* BRIEF:
Only one stretch of the records below is wanted: the lines from the one holding "gen (map (mxl" through the one holding "Definition xvar (k". Return it exactly, both ends included.

Saved entries:
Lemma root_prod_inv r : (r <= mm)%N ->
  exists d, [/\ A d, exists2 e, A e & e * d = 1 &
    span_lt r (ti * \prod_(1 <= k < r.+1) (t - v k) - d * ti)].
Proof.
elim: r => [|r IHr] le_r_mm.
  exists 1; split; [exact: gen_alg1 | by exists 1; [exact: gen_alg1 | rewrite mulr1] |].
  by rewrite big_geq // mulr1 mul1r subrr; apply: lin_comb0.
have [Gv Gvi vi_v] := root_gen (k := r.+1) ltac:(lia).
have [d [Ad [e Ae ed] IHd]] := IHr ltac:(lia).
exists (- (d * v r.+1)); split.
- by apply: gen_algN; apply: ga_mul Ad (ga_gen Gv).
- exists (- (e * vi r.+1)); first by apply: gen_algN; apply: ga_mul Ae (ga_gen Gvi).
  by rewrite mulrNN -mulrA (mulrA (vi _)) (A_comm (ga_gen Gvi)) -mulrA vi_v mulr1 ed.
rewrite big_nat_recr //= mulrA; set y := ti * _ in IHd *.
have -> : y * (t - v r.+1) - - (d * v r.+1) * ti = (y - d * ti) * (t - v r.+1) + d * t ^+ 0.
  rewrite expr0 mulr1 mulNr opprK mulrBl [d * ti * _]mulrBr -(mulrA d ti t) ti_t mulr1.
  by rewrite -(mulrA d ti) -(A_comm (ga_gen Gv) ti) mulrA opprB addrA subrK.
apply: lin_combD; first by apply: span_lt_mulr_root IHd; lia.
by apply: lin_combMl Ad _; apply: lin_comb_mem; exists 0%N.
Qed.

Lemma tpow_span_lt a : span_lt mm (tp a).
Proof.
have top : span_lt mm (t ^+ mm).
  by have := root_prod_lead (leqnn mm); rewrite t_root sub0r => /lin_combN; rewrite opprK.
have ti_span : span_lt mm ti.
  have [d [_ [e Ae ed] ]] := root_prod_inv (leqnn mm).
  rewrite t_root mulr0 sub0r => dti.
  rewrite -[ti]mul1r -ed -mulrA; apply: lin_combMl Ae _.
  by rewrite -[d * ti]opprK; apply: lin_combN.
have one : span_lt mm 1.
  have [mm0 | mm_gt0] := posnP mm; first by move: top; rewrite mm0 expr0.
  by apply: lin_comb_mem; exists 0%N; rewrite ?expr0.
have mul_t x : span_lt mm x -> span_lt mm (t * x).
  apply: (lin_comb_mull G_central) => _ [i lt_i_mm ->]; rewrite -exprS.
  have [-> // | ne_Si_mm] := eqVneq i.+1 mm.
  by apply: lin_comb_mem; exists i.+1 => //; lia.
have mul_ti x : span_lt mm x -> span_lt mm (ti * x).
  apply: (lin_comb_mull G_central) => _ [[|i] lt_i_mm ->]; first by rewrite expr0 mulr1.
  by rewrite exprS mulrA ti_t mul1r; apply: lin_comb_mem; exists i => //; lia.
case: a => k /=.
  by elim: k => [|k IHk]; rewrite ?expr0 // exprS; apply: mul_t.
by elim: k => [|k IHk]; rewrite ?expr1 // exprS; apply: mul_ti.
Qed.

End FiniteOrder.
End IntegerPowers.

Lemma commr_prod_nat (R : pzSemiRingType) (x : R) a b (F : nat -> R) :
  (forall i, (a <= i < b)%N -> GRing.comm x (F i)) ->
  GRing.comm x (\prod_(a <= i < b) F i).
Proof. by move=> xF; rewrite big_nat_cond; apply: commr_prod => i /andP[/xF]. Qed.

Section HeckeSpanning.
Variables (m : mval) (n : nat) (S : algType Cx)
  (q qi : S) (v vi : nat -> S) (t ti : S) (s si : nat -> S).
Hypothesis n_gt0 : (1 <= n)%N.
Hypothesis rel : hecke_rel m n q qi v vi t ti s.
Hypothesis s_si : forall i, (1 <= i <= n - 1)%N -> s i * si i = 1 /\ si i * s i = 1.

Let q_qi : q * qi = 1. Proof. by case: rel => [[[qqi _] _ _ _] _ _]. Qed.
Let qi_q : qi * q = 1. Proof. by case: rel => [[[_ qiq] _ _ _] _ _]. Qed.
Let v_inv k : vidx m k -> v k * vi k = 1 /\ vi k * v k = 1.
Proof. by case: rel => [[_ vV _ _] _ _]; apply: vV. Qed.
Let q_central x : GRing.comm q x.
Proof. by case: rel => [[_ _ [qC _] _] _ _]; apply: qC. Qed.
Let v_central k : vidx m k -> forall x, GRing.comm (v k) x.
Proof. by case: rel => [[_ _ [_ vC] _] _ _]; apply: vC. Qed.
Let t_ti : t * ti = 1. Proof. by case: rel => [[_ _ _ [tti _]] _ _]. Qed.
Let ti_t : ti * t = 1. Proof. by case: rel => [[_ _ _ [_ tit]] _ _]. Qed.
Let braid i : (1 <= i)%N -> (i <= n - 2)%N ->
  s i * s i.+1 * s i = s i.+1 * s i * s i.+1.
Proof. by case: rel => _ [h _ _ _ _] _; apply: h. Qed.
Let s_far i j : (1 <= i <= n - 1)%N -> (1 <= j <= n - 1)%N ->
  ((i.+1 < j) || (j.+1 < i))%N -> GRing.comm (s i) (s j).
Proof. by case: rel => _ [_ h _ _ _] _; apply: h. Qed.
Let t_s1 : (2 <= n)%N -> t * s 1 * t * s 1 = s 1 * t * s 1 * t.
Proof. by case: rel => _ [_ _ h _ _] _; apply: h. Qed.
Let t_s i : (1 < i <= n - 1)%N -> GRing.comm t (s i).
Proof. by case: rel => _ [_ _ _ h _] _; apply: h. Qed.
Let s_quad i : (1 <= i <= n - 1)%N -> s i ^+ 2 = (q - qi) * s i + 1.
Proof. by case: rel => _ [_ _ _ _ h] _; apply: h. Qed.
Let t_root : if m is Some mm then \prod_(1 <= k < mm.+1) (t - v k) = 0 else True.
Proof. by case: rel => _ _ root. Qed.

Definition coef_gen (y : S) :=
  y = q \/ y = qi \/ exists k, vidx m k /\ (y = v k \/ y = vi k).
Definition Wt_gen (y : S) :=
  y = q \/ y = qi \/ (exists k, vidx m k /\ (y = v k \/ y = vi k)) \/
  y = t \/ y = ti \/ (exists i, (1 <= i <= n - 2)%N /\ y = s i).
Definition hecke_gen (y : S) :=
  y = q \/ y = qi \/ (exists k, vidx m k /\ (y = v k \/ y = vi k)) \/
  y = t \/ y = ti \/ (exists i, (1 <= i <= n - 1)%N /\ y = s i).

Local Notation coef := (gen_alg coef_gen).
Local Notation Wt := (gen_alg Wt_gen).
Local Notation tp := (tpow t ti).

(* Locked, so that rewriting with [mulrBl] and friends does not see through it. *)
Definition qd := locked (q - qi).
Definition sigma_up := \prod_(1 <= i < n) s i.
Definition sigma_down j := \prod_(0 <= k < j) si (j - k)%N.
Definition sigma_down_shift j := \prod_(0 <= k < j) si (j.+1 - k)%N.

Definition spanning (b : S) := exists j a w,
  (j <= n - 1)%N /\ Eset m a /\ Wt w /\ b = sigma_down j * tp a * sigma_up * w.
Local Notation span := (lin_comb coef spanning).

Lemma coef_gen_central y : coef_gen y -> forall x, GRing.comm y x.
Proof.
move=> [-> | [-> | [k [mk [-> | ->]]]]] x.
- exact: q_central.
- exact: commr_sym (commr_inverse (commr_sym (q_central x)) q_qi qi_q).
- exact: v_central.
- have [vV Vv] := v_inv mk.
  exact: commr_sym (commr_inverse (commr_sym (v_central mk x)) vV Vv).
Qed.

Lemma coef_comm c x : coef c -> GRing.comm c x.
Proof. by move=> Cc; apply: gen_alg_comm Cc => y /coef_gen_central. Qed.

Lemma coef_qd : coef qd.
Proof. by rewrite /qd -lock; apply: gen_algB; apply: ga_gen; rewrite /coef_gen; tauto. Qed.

==

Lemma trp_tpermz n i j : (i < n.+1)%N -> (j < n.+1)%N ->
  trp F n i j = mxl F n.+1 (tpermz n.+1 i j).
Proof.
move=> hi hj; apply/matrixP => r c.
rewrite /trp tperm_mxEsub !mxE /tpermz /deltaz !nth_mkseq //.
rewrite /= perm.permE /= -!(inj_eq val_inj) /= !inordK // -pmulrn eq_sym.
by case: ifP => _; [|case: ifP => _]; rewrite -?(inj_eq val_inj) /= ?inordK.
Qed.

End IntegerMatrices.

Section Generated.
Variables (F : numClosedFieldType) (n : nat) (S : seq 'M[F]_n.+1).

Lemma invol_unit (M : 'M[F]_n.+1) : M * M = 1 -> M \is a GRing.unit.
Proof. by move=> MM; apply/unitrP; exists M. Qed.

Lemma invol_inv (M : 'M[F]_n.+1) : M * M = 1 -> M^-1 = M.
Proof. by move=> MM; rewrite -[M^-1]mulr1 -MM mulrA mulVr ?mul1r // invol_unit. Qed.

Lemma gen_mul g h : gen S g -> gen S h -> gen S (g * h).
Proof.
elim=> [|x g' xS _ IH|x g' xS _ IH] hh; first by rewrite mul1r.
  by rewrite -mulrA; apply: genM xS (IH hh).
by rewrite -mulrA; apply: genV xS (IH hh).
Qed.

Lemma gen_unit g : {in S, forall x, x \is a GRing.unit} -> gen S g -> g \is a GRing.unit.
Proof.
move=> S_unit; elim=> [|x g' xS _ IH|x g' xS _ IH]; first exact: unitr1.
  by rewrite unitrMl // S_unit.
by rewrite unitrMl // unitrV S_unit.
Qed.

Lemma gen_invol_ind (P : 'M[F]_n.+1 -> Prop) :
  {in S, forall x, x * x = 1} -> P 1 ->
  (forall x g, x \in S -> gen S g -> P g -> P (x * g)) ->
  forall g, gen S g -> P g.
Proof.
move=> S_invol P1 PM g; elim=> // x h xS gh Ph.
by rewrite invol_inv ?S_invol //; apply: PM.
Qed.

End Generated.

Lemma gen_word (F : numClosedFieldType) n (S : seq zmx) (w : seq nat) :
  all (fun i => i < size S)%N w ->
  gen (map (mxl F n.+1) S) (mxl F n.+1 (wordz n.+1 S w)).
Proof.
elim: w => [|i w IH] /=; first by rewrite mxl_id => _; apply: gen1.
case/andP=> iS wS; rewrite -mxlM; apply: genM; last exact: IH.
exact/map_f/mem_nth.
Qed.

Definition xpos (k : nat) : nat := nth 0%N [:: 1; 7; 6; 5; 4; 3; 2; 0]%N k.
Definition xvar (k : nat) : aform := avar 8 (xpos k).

* EXERCISE RESULT:
  gen (map (mxl F n.+1) S) (mxl F n.+1 (wordz n.+1 S w)).
Proof.
elim: w => [|i w IH] /=; first by rewrite mxl_id => _; apply: gen1.
case/andP=> iS wS; rewrite -mxlM; apply: genM; last exact: IH.
exact/map_f/mem_nth.
Qed.

Definition xpos (k : nat) : nat := nth 0%N [:: 1; 7; 6; 5; 4; 3; 2; 0]%N k.
Definition xvar (k : nat) : aform := avar 8 (xpos k).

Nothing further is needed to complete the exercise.